Going even further to the extreme of grievances in the first world are eating disorders. Last night, I had the unfortunate experience of finding some pro-anorexia websites (thank you, Pinterest). My heart instantly grieved for these young women who suffer with such an isolating and stubborn disease. I looked at graphic photos of protruding ribs and bent shoulders and cut up bodies-- all dissatisfied, all in pain. However, my mind quickly jumped to images of emaciated children in Somalia and I felt my heart slowly cooling to these first world images. I think, "A thirteen year old Sudanese refugee would never turn down food that was handed to her if she was hungry!" But I can't play these hypothetical games with the context of the grief. Besides, eating disorders are a complicated topic (and they can certainly exist anywhere in the world).
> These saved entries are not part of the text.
(* Let $(X,d)$ be a $\delta$-hyperbolic space and $\gamma$ a hyperbolic isometry of $X$ with $\ell(\gamma)>3\delta$. Then (i) every point $x\in M_{\min}(\gamma)$ satisfies $d(x,M(\gamma))\le\frac72\delta$; (ii) every point $x\in M(\gamma)$ satisfies $d(x,M_{\min}(\gamma))\le\frac{15}{2}\delta$.
   Context: A metric space is $\delta$-hyperbolic if it is proper, geodesic, and every geodesic triangle is $\delta$-thin (any two points of the triangle identified by the canonical tripod approximation of the triangle, which is isometric on each side, are at distance $\le\delta$). An isometry $\gamma$ is hyperbolic if $k\mapsto\gamma^kx$ is a quasi-isometric embedding $\mathbf Z\to X$; its extension to the ideal (Gromov) boundary $\partial X$ then has exactly two fixed points $\gamma^+=\lim_{p\to+\infty}\gamma^px$ and $\gamma^-=\lim_{p\to+\infty}\gamma^{-p}x$. $\ell(\gamma)=\lim_{k\to\infty}\frac1kd(x,\gamma^kx)$ is the asymptotic displacement and $s(\gamma)=\inf_{x\in X}d(x,\gamma x)$ the minimal displacement. $M(\gamma)$ is the union of all geodesic lines $c$ with $c(-\infty)=\gamma^-$ and $c(+\infty)=\gamma^+$, and $M_{\min}(\gamma)$ is the (nonempty, closed) set of points $x$ where $x\mapsto d(x,\gamma x)$ attains its infimum $s(\gamma)$. *)

From Stdlib Require Import Reals Lra ZArith.
Open Scope R_scope.

Record metric (X : Type) (d : X -> X -> R) : Prop := {
  d_nonneg : forall x y, 0 <= d x y;
  d_sep : forall x y, d x y = 0 <-> x = y;
  d_sym : forall x y, d x y = d y x;
  d_tri : forall x y z, d x z <= d x y + d y z }.

Definition gromov_product {X} (d : X -> X -> R) (o y z : X) : R :=
  (d o y + d o z - d y z) / 2.

Definition geodesic_segment {X} (d : X -> X -> R) (x y : X) (c : R -> X) : Prop :=
  c 0 = x /\ c (d x y) = y /\
  forall s t, 0 <= s <= d x y -> 0 <= t <= d x y -> d (c s) (c t) = Rabs (s - t).

Definition geodesic_space {X} (d : X -> X -> R) : Prop :=
  forall x y, exists c, geodesic_segment d x y c.

(* proper: closed balls are compact (sequential compactness, equivalent in
   metric spaces): every bounded sequence has a convergent subsequence. *)
Definition proper_space {X} (d : X -> X -> R) : Prop :=
  forall (a : nat -> X) (o : X) (r : R), (forall n, d o (a n) <= r) ->
  exists (phi : nat -> nat) (y : X),
    (forall n, (phi n < phi (S n))%nat) /\
    Un_cv (fun n => d (a (phi n)) y) 0.

(* every geodesic triangle is delta-thin: the tripod map identifies the point
   at distance t from x on [x,y] with the point at distance t from x on [x,z],
   for 0 <= t <= (y|z)_x (and similarly at the other vertices, which is covered
   by quantifying over all vertices). *)
Definition delta_thin {X} (d : X -> X -> R) (delta : R) : Prop :=
  forall x y z c1 c2, geodesic_segment d x y c1 -> geodesic_segment d x z c2 ->
  forall t, 0 <= t <= gromov_product d x y z -> d (c1 t) (c2 t) <= delta.

Definition hyperbolic_space {X} (d : X -> X -> R) (delta : R) : Prop :=
  metric X d /\ proper_space d /\ geodesic_space d /\ delta_thin d delta.

Definition is_isometry {X} (d : X -> X -> R) (g : X -> X) : Prop :=
  forall x y, d (g x) (g y) = d x y.

(* integer powers of g, with ginv the inverse of g *)
Definition zpow {X} (g ginv : X -> X) (k : Z) (x : X) : X :=
  match k with
  | Z0 => x
  | Zpos p => Nat.iter (Pos.to_nat p) g x
  | Zneg p => Nat.iter (Pos.to_nat p) ginv x
  end.

Definition hyperbolic_isometry {X} (d : X -> X -> R) (g ginv : X -> X) : Prop :=
  exists (x : X) (lam C : R), 1 <= lam /\ 0 <= C /\
  forall k l : Z,
    / lam * Rabs (IZR (k - l)) - C <= d (zpow g ginv k x) (zpow g ginv l x) /\
    d (zpow g ginv k x) (zpow g ginv l x) <= lam * Rabs (IZR (k - l)) + C.

(* two sequences converge to the same point of the Gromov boundary:
   (a_n | b_m)_o -> +oo as n, m -> oo *)
Definition same_limit {X} (d : X -> X -> R) (a b : nat -> X) : Prop :=
  exists o : X, forall K : R, exists N : nat, forall n m : nat,
    (N <= n)%nat -> (N <= m)%nat -> K <= gromov_product d o (a n) (b m).

Definition geodesic_line {X} (d : X -> X -> R) (c : R -> X) : Prop :=
  forall s t, d (c s) (c t) = Rabs (s - t).

(* c is a geodesic line with c(-oo) = g^- and c(+oo) = g^+ *)
Definition axis_line {X} (d : X -> X -> R) (g ginv : X -> X) (c : R -> X) : Prop :=
  geodesic_line d c /\
  same_limit d (fun n => c (INR n)) (fun n => Nat.iter n g (c 0)) /\
  same_limit d (fun n => c (- INR n)) (fun n => Nat.iter n ginv (c 0)).

Definition in_M {X} (d : X -> X -> R) (g ginv : X -> X) (x : X) : Prop :=
  exists c, axis_line d g ginv c /\ exists t, c t = x.

Definition in_Mmin {X} (d : X -> X -> R) (g : X -> X) (x : X) : Prop :=
  forall y, d x (g x) <= d y (g y).

(* d(x, A) <= r, with d(x, A) = inf_{a in A} d(x, a) *)
Definition dist_set_le {X} (d : X -> X -> R) (A : X -> Prop) (x : X) (r : R) : Prop :=
  forall eps, 0 < eps -> exists a, A a /\ d x a < r + eps.

From Stdlib Require Import Reals Lra Lia ZArith.
From Stdlib Require Import ClassicalEpsilon Classical Cantor.
Open Scope R_scope.

(* Let [x] be almost minimally displaced, with displacement [s > 3 delta + eps].
   Thin triangles and a corner-cutting argument (a shortcut near [h^k x] would give a
   point displaced by less than [s - eps]) show that consecutive orbit points are
   almost aligned and that, seen from [x], the negative and positive orbits diverge
   after [3 delta / 2 + eps / 2].  Hence the orbit grows linearly, orbit points lie
   near geodesics between orbit points, and such geodesics lie near the broken line
   [U_k h^k [x, h x]].
   (i) For [x] minimal, geodesics [x_{-n} x_n] recentred at the projection of [x]
   have, by properness, a subsequence converging to a geodesic line through the
   [5 delta / 2]-ball of [x]; its ends converge to [h^+] and [h^-], so it is an axis.
   (ii) Properness and the previous estimates give a minimal point [y0]; a point of
   an axis is the middle of a long geodesic whose ends are far on the sides of
   [y_N] and [y_{-N}], so it is [13 delta / 2]-close to the broken line through the
   orbit of [y0], whose points are minimal.
   Both bounds are better than the required [7 delta / 2] and [15 delta / 2]. *)

Lemma Rabs_le_sub (s t : R) : s <= t -> Rabs (s - t) = t - s.
Proof. intros; rewrite Rabs_left1; lra. Qed.

Lemma Rabs_le_inv (a b : R) : Rabs a <= b -> - b <= a <= b.
Proof.
  intros H. destruct (Rcase_abs a) as [Ha|Ha];
    [rewrite Rabs_left in H|rewrite Rabs_right in H]; lra.
Qed.

Lemma le_by_eps (a b : R) : (forall e, 0 < e -> a <= b + e) -> a <= b.
Proof.
  intros H. destruct (Rle_or_lt a b); auto. specialize (H ((a - b)/2) ltac:(lra)). lra.
Qed.

Lemma eq_by_eps (a b : R) : (forall e, 0 < e -> Rabs (a - b) <= e) -> a = b.
Proof.
  intros H. destruct (Req_dec a b) as [E|E]; auto. exfalso.
  assert (0 < Rabs (a - b)) by (apply Rabs_pos_lt; lra).
  specialize (H (Rabs (a - b) / 2) ltac:(lra)). lra.
Qed.

(* The minimum of three reals, in a form directly usable by [lra]. *)
Lemma Rmin3_spec (a b c : R) :
  Rmin a (Rmin b c) <= a /\ Rmin a (Rmin b c) <= b /\ Rmin a (Rmin b c) <= c /\
  (Rmin a (Rmin b c) = a \/ Rmin a (Rmin b c) = b \/ Rmin a (Rmin b c) = c).
Proof. unfold Rmin. repeat destruct Rle_dec; lra. Qed.

Lemma nat_above (r : R) : exists N : nat, forall n, (N <= n)%nat -> r <= INR n.
Proof.
  destruct (archimed r) as [H _]. exists (Z.to_nat (up r)). intros n Hn.
  rewrite INR_IZR_INZ. assert (IZR (up r) <= IZR (Z.of_nat n)) by (apply IZR_le; lia). lra.
Qed.

Lemma inv_small (e : R) : 0 < e -> exists N : nat, forall n, (N <= n)%nat -> / INR (S n) < e.
Proof.
  intros He. destruct (nat_above (/ e)) as [N HN]. exists N. intros n Hn.
  specialize (HN n Hn). rewrite S_INR.
  rewrite <- (Rinv_inv e). apply Rinv_lt_contravar.
  - apply Rmult_lt_0_compat; [apply Rinv_0_lt_compat; lra|pose proof (pos_INR n); lra].
  - lra.
Qed.

Lemma inf_exists {X} (F : X -> R) (y0 : X) : (forall y, 0 <= F y) ->
  exists s0, (forall y, s0 <= F y) /\ (forall e, 0 < e -> exists y, F y < s0 + e).
Proof.
  intros HF. set (E := fun r => exists y, r = - F y).
  destruct (completeness E) as [m [Hub Hlub]].
  { exists 0. intros r [y ->]. specialize (HF y). lra. }
  { exists (- F y0). exists y0. reflexivity. }
  exists (- m). split.
  - intro y. assert (- F y <= m) by (apply Hub; exists y; reflexivity). lra.
  - intros e He. apply NNPP. intro Hno.
    assert (Hb : is_upper_bound E (m - e)).
    { intros r [y ->]. apply Rnot_lt_le. intro Hy. apply Hno. exists y. lra. }
    specialize (Hlub _ Hb). lra.
Qed.

Definition clamp (D v : R) : R := Rmax 0 (Rmin v D).

Lemma clamp_range D v : 0 <= D -> 0 <= clamp D v <= D.
Proof. intros. unfold clamp, Rmax, Rmin. repeat destruct Rle_dec; lra. Qed.

Lemma clamp_id D v : 0 <= v <= D -> clamp D v = v.
Proof. intros. unfold clamp, Rmax, Rmin. repeat destruct Rle_dec; lra. Qed.

Lemma clamp_lip D a b : 0 <= D -> Rabs (clamp D a - clamp D b) <= Rabs (a - b).
Proof.
  intros. unfold clamp, Rmax, Rmin. apply Rabs_le.
  destruct (Rcase_abs (a - b)) as [Hab|Hab]; [rewrite Rabs_left|rewrite Rabs_right]; auto;
  repeat destruct Rle_dec; lra.
Qed.

Lemma discrete_ivt (g : nat -> R) (u : R) (n : nat) : g 0%nat <= u -> u <= g n ->
  n = 0%nat \/ exists i, (i < n)%nat /\ g i <= u <= g (S i).
Proof.
  induction n as [|n IH]; intros H0 Hn; [now left|right].
  destruct (Rle_or_lt (g n) u) as [Hl|Hl].
  - exists n. split; [lia|lra].
  - destruct (IH H0 ltac:(lra)) as [->|[i [Hi Hg]]]; [lra|].
    exists i. split; [lia|lra].
Qed.

Lemma zpow_swap {X} (h hi : X -> X) k y : zpow hi h k y = zpow h hi (- k) y.
Proof. destruct k; reflexivity. Qed.

Section IntegerPowers.
Variable X : Type.
Variables h hi : X -> X.
Hypothesis Hhhi : forall x, h (hi x) = x.
Hypothesis Hhih : forall x, hi (h x) = x.

Notation zp := (zpow h hi).

Lemma zp_nat n y : zp (Z.of_nat n) y = Nat.iter n h y.
Proof. destruct n; [reflexivity|]. simpl. rewrite SuccNat2Pos.id_succ. reflexivity. Qed.

Lemma zp_negnat n y : zp (- Z.of_nat n) y = Nat.iter n hi y.
Proof. destruct n; [reflexivity|]. simpl. rewrite SuccNat2Pos.id_succ. reflexivity. Qed.

Lemma Z_nat_cases (k : Z) : exists n, k = Z.of_nat n \/ k = (- Z.of_nat n)%Z.
Proof.
  destruct k as [|p|p].
  - exists 0%nat; left; reflexivity.
  - exists (Pos.to_nat p); left; rewrite positive_nat_Z; reflexivity.
  - exists (Pos.to_nat p); right; rewrite positive_nat_Z; reflexivity.
Qed.
Lemma compA {X Y Z W} (h : hom A Z W) (g : hom A Y Z) (f : hom A X Y) :
  comp A h (comp A g f) = comp A (comp A h g) f.
Proof. by case: HA => H _ _ _ _; apply: H. Qed.
Lemma comp1l {X Y} (f : hom A X Y) : comp A (idm A Y) f = f.
Proof. by case: HA => _ H _ _ _; apply: H. Qed.
Lemma comp1r {X Y} (f : hom A X Y) : comp A f (idm A X) = f.
Proof. by case: HA => _ _ H _ _; apply: H. Qed.
Lemma compDl {X Y Z} (g g' : hom A Y Z) (f : hom A X Y) :
  comp A (g + g') f = comp A g f + comp A g' f.
Proof. by case: HA => _ _ _ H _; have := H X Y Z 1 g g' f; rewrite !scale1r. Qed.
Lemma compDr {X Y Z} (g : hom A Y Z) (f f' : hom A X Y) :
  comp A g (f + f') = comp A g f + comp A g f'.
Proof. by case: HA => _ _ _ _ H; have := H X Y Z 1 g f f'; rewrite !scale1r. Qed.
Lemma comp0l {X Y Z} (f : hom A X Y) : comp A (0 : hom A Y Z) f = 0.
Proof. exact: (addf0 (f := fun g => comp A g f) (fun g g' => compDl g g' f)). Qed.

Lemma CA_comp1l X Y (f : phom CA X Y) : pcomp (pid Y) f = f.
Proof. exact: comp1l. Qed.

Lemma repr_fgproj (Z : ob A) : is_fgproj (repr (C := CA) Z).
Proof.
split.
  split=> /= [X Y f g m|X Y f m m'|X m|X Y Z' g f m].
  - exact: compDr.
  - exact: compDl.
  - exact: comp1r.
  - exact: compA.
exists 1%N, (fun _ => Z), (fun _ Y x => x), (fun _ Y x => x); split=> [j|Y x].
  by split; split.
by rewrite big_ord1.
Qed.

Variable i : int.

Lemma mem_rsp_same {X Y} (p : amb _ A X Y) : (p \in rsp _ A X Y i i) = (p.2 == 0).
Proof. by rewrite /rsp eqxx memv_ker linfunE_linear // => a [? ?] [? ?]. Qed.

Lemma mem_rsp_next {X Y} (p : amb _ A X Y) : (p \in rsp _ A X Y i (i + 1)) = (p.1 == 0).
Proof.
have i_neq : (i == i + 1) = false by rewrite -[X in X == _]addr0 (inj_eq (addrI i)).
by rewrite /rsp i_neq eqxx memv_ker linfunE_linear // => a [? ?] [? ?].
Qed.
(* Let $R$ be a commutative domain with unit, let $f\in R$ be nonzero and non-invertible, and let $S=R[u,v]/(uv-f)$. Then the following are equivalent: the image of $u$ is a prime element of $S$; the image of $v$ is a prime element of $S$; $f$ is a prime element of $R$.
   Context: A nonzero non-invertible element $r$ of a domain is prime if whenever $r$ divides a product $ab$, it divides $a$ or $b$. *)

From HB Require Import structures.
From mathcomp Require Import all_boot all_algebra ring_quotient.
From mathcomp Require Import boolp.

Set Implicit Arguments.
Unset Strict Implicit.
Unset Printing Implicit Defensive.

Import GRing.Theory.
Local Open Scope ring_scope.
Local Open Scope quotient_scope.

Definition dvd_elt (S : comNzRingType) (a b : S) : Prop := exists c, b = a * c.
Definition invertible_elt (S : comNzRingType) (a : S) : Prop := exists c, a * c = 1.
Definition prime_elt (S : comNzRingType) (r : S) : Prop :=
  [/\ r != 0, ~ invertible_elt r &
      forall a b, dvd_elt r (a * b) -> dvd_elt r a \/ dvd_elt r b].

(* R[u,v] is modelled as {poly {poly R}}: u = 'X (outer variable),
   v = 'X%:P (inner variable, as a constant of the outer ring). *)
Section UVF.
Variables (R : idomainType) (f : R).

Definition var_u : {poly {poly R}} := 'X.
Definition var_v : {poly {poly R}} := ('X)%:P.

Definition uvf : {poly {poly R}} := var_u * var_v - (f%:P)%:P.

Definition uvf_ideal : {pred {poly {poly R}}} :=
  fun p => `[< exists q, p = q * uvf >].

Lemma size_uvf : size uvf = 2%N.
Proof.
rewrite /uvf /var_u /var_v mulrC -polyCN size_MXaddC.
by rewrite polyC_eq0 polyX_eq0 /= size_polyC polyX_eq0.
Qed.

Lemma uvf_ideal_closed : idealr_closed uvf_ideal.
Proof.
split.
- by apply/asboolP; exists 0; rewrite mul0r.
- apply/negP => /asboolP [q Hq].
  have q0 : q != 0.
    by apply/eqP => q0; move: Hq; rewrite q0 mul0r => /eqP; rewrite oner_eq0.
  have u0 : uvf != 0 by rewrite -size_poly_eq0 size_uvf.
  have := congr1 (fun p : {poly {poly R}} => size p) Hq.
  rewrite size_poly1 size_mul // size_uvf addn2 /=.
  simpl; move=> /eqP; rewrite eq_sym eqSS.
  by apply/negP; rewrite size_poly_eq0.
- move=> a u v /asboolP [qu ->] /asboolP [qv ->].
  by apply/asboolP; exists (a * qu + qv); rewrite mulrDl mulrA.
Qed.

HB.instance Definition _ := isIdealr.Build _ uvf_ideal uvf_ideal_closed.

Definition Suvf := {ideal_quot uvf_ideal}.

Definition u_S : Suvf := \pi_Suvf var_u.
Definition v_S : Suvf := \pi_Suvf var_v.

End UVF.

From HB Require Import structures.
From mathcomp Require Import all_boot all_algebra ring_quotient.
From mathcomp Require Import boolp ring.

Set Implicit Arguments.
Unset Strict Implicit.
Unset Printing Implicit Defensive.
Import GRing.Theory.
Local Open Scope ring_scope.
Local Open Scope quotient_scope.

(* Modulo u the relation uv = f reads f = 0, so S/(u) is R[v]/(f) = (R/(f))[v].
   Hence u is prime in S iff f is prime in R: restricting to constants gives one
   direction, and Gauss' lemma (f prime makes (R/(f))[v] a domain) the other.
   Exchanging u and v fixes uv - f, so it induces an automorphism of S mapping
   u to v. *)

Lemma invertible_eltE (S : comNzRingType) (x : S) :
  invertible_elt x <-> dvd_elt x 1.
Proof. by split=> -[c xc]; exists c. Qed.

Section PrimeEltTransfer.
Variables (S T : comNzRingType) (g : S -> T) (h : T -> S).
Hypotheses (gK : cancel g h) (hK : cancel h g).
Hypotheses (gM : {morph g : x y / x * y}) (g1 : g 1 = 1) (g0 : g 0 = 0).

Lemma dvd_elt_mul_iso (a : S) (b : T) : dvd_elt (g a) b <-> dvd_elt a (h b).
Proof.
split=> -[c bc]; first by exists (h c); rewrite bc -{1}(hK c) -gM gK.
by exists (g c); rewrite -gM -bc hK.
Qed.

Lemma prime_elt_mul_iso (x : S) : prime_elt x -> prime_elt (g x).
Proof.
have hM : {morph h : x y / x * y} by move=> a b; rewrite -[a]hK -[b]hK -gM !gK.
case=> x0 x_ninv x_prime; split.
- by apply: contra x0 => /eqP; rewrite -g0 => /(can_inj gK) ->.
- by move=> /invertible_eltE /dvd_elt_mul_iso; rewrite -g1 gK => /invertible_eltE.
- by move=> a b; rewrite !dvd_elt_mul_iso hM; apply: x_prime.
Qed.

End PrimeEltTransfer.

Section PolyDvd.
Variable R : comNzRingType.

Lemma dvd_elt_polyC (a b : R) : dvd_elt a%:P b%:P <-> dvd_elt a b.
Proof.
split=> -[c bc]; last by exists c%:P; rewrite bc polyCM.
by exists c`_0; rewrite -coefCM -bc coefC.
Qed.

Lemma dvd_elt_polyCP (a : R) (p : {poly R}) :
  dvd_elt a%:P p <-> forall i, dvd_elt a p`_i.
Proof.
split=> [[c ->] i|]; first by exists c`_i; rewrite coefCM.
move=> /choice[c pc]; exists (\poly_(i < size p) c i); apply/polyP=> i.
rewrite coefCM coef_poly; case: ltnP => // le_p_i.
by rewrite mulr0 nth_default.
Qed.

End PolyDvd.

Lemma mul_poly_eq0 (R : nzRingType)
    (R_domain : forall x y : R, x * y = 0 -> (x == 0) || (y == 0))
    (p q : {poly R}) :
  p * q = 0 -> (p == 0) || (q == 0).
Proof.
have [->|p0] := eqVneq p 0; first by [].
have [->|q0 /=] := eqVneq q 0; first by rewrite orbT.
have lpq0 : lead_coef p * lead_coef q != 0.
  by apply/negP=> /eqP /R_domain; rewrite !lead_coef_eq0 (negPf p0) (negPf q0).
move=> pq0; have := lead_coef_proper_mul lpq0.
by rewrite pq0 lead_coef0 => lpq; rewrite -lpq eqxx in lpq0.
Qed.

Section PrimePolyC.
Variables (R : comNzRingType) (f : R).
Hypothesis f_prime : prime_elt f.

Definition multiples : {pred R} := fun x => `[< dvd_elt f x >].

Lemma multiples_idealr_closed : idealr_closed multiples.
Proof.
case: f_prime => _ f_ninv _; split.
- by apply/asboolP; exists 0; rewrite mulr0.
- by apply/negP=> /asboolP[c f1]; apply: f_ninv; exists c.
- move=> a x y /asboolP[cx ->] /asboolP[cy ->]; apply/asboolP.
  by exists (a * cx + cy); rewrite mulrDr mulrCA.
Qed.

Lemma multiples_prime : prime_idealr_closed multiples.
Proof.
case: f_prime => _ _ fM x y /asboolP/fM.
by case=> fd; apply/orP; [left|right]; apply/asboolP.
Qed.

HB.instance Definition _ := isIdealr.Build R multiples multiples_idealr_closed.
HB.instance Definition _ := isPrimeIdealrClosed.Build R multiples multiples_prime.

Local Notation Q := {ideal_quot multiples}.

Lemma pi_multiples_eq0 (x : R) : \pi_Q x = 0 <-> dvd_elt f x.
Proof.
have -> : (0 : Q) = \pi_Q 0 by rewrite raddf0.
split=> [/eqP|fx]; first by rewrite -Quotient.idealrBE subr0 => /asboolP.
by apply/eqP; rewrite -Quotient.idealrBE subr0; apply/asboolP.
Qed.

Lemma map_pi_multiples_eq0 (p : {poly R}) :
  map_poly \pi_Q p = 0 <-> dvd_elt f%:P p.
Proof.
rewrite dvd_elt_polyCP; split=> [pf0 i|pf].
  by apply/pi_multiples_eq0; rewrite -coef_map pf0 coef0.
by apply/polyP=> i; rewrite coef_map coef0; apply/pi_multiples_eq0.
Qed.

Lemma prime_elt_polyC : prime_elt f%:P.
Proof.
case: (f_prime) => f0 f_ninv _; split.
- by rewrite polyC_eq0.
- by move=> /invertible_eltE; rewrite -polyC1 dvd_elt_polyC => /invertible_eltE.
move=> a b /map_pi_multiples_eq0; rewrite rmorphM /= => /mul_poly_eq0.
by case/(_ (@Quotient.rquot_IdomainAxiom _ _))/orP=> /eqP/map_pi_multiples_eq0; auto.
Qed.

End PrimePolyC.

Section UVF.
Variables (R : idomainType) (f : R).
Local Notation S := (Suvf f).
Local Notation PP := {poly {poly R}}.

Lemma piS_eqP (p q : PP) : \pi_S p = \pi_S q <-> exists r, p - q = r * uvf f.
Proof.
split=> [/eqP|/asboolP pq]; first by rewrite -Quotient.idealrBE => /asboolP.
by apply/eqP; rewrite -Quotient.idealrBE.
Qed.

Lemma coef0_uvf : (uvf f)`_0 = - f%:P.
Proof. by rewrite /uvf /var_u /var_v coefB mulrC coefMX !coefC /= sub0r. Qed.

Lemma dvd_u_S (p : PP) : dvd_elt (u_S f) (\pi_S p) <-> dvd_elt f%:P p`_0.
Proof.
split=> [[c]|[q p0]].
  rewrite -[c]reprK -rmorphM => /piS_eqP[r /(congr1 (fun p : PP => p`_0))].
  rewrite coefB !coef0M /var_u coefX mul0r subr0 coef0_uvf => ->.
  by exists (- r`_0); rewrite !mulrN mulrC.
have [p1 ep] : exists p1, p = p1 * 'X + (p`_0)%:P.
  have /factor_theorem[p1 ep] : root (p - (p`_0)%:P) 0.
    by rewrite /root hornerD hornerN hornerC horner_coef0 subrr.
  by exists p1; rewrite -[in RHS](subr0 'X) -polyC0 -ep subrK.
exists (\pi_S (p1 + var_v R * q%:P)); rewrite -rmorphM; apply/piS_eqP.
exists (- q%:P); rewrite {1}ep p0 polyCM /uvf /var_u /var_v; ring.
Qed.

Lemma dvd_u_S_polyC (c : R) :
  dvd_elt (u_S f) (\pi_S c%:P%:P) <-> dvd_elt f c.
Proof. by rewrite dvd_u_S coefC /= dvd_elt_polyC. Qed.

Lemma invertible_u_S : invertible_elt (u_S f) <-> invertible_elt f.
Proof. by rewrite !invertible_eltE -dvd_u_S_polyC !polyC1 rmorph1. Qed.

Lemma u_S_neq0 : f != 0 -> u_S f != 0.
Proof.
move=> f0; apply: contra f0 => /eqP; rewrite -(raddf0 \pi_S) => /piS_eqP[r].
move=> /(congr1 (fun p : PP => p.[f%:P].[1])) /=.
by rewrite /uvf /var_u /var_v !(hornerE, hornerX) subrr mulr0 subr0 => ->.
Qed.

Lemma prime_elt_u_S : f != 0 -> prime_elt (u_S f) <-> prime_elt f.
Proof.
move=> f0; split=> [[_ u_ninv u_prime]|f_prime].
  split=> [//||a b]; first by rewrite -invertible_u_S.
  rewrite -!dvd_u_S_polyC !polyCM rmorphM.
  by case/u_prime=> ?; [left|right].
have [_ f_ninv _] := f_prime; split; [exact: u_S_neq0|by rewrite invertible_u_S|].
have [_ _ fP_prime] := prime_elt_polyC f_prime.
move=> x y; rewrite -[x]reprK -[y]reprK -rmorphM !dvd_u_S coef0M.
by case/fP_prime=> ?; [left|right].
Qed.

Lemma swapXY_uvf : swapXY (uvf f) = uvf f.
Proof.
rewrite /uvf /var_u /var_v rmorphB rmorphM /= swapXY_X !swapXY_polyC map_polyC /=.
by rewrite map_polyX mulrC.
Qed.

Definition swap_S (x : S) : S := \pi_S (swapXY (repr x)).

Lemma swap_S_pi (p : PP) : swap_S (\pi_S p) = \pi_S (swapXY p).
Proof.
have /piS_eqP[r er] := reprK (\pi_S p); apply/piS_eqP.
exists (swapXY r); rewrite -rmorphB er rmorphM; congr (_ * _); exact: swapXY_uvf.
Qed.

Lemma swap_SK : involutive swap_S.
Proof. by elim/quotW=> p; rewrite (swap_S_pi p) swap_S_pi swapXYK. Qed.

Lemma swap_SM : {morph swap_S : x y / x * y}.
Proof.
elim/quotW=> p; elim/quotW=> q.
by rewrite -rmorphM (swap_S_pi (p * q)) (swap_S_pi p) (swap_S_pi q) !rmorphM.
Qed.

Lemma swap_S1 : swap_S 1 = 1.
Proof. by rewrite -(rmorph1 \pi_S) swap_S_pi !rmorph1. Qed.

Lemma swap_S0 : swap_S 0 = 0.
Proof. by rewrite -(raddf0 \pi_S) swap_S_pi !raddf0. Qed.

Lemma swap_S_u : swap_S (u_S f) = v_S f.
Proof. by rewrite swap_S_pi swapXY_X. Qed.

Lemma prime_elt_v_S : prime_elt (v_S f) <-> prime_elt (u_S f).
Proof.
have swap_prime := prime_elt_mul_iso swap_SK swap_SK swap_SM swap_S1 swap_S0.
by split=> /swap_prime; rewrite -swap_S_u ?swap_SK.
Qed.

End UVF.

Theorem proposition1p6 (R : idomainType) (f : R)
    (hf0 : f != 0) (hfu : f \isn't a GRing.unit) :
  [<-> prime_elt (u_S f); prime_elt (v_S f); prime_elt f].
Proof.
have u_prime := prime_elt_u_S hf0; have v_prime := prime_elt_v_S f.
by tfae; tauto.
Qed.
I have definitely felt convicted of my lack of sympathy for the plight of others who seem to "have" more. Grief is grief. A breaking soul is a breaking soul. And Jesus is there for them all.
Psalm 116
"I love the Lord, for he heard my voice; He heard my cry for mercy... I was overcome by trouble and sorrow. Then I called on the name of the Lord... Be at rest once more, O my soul, for the Lord has been good to you."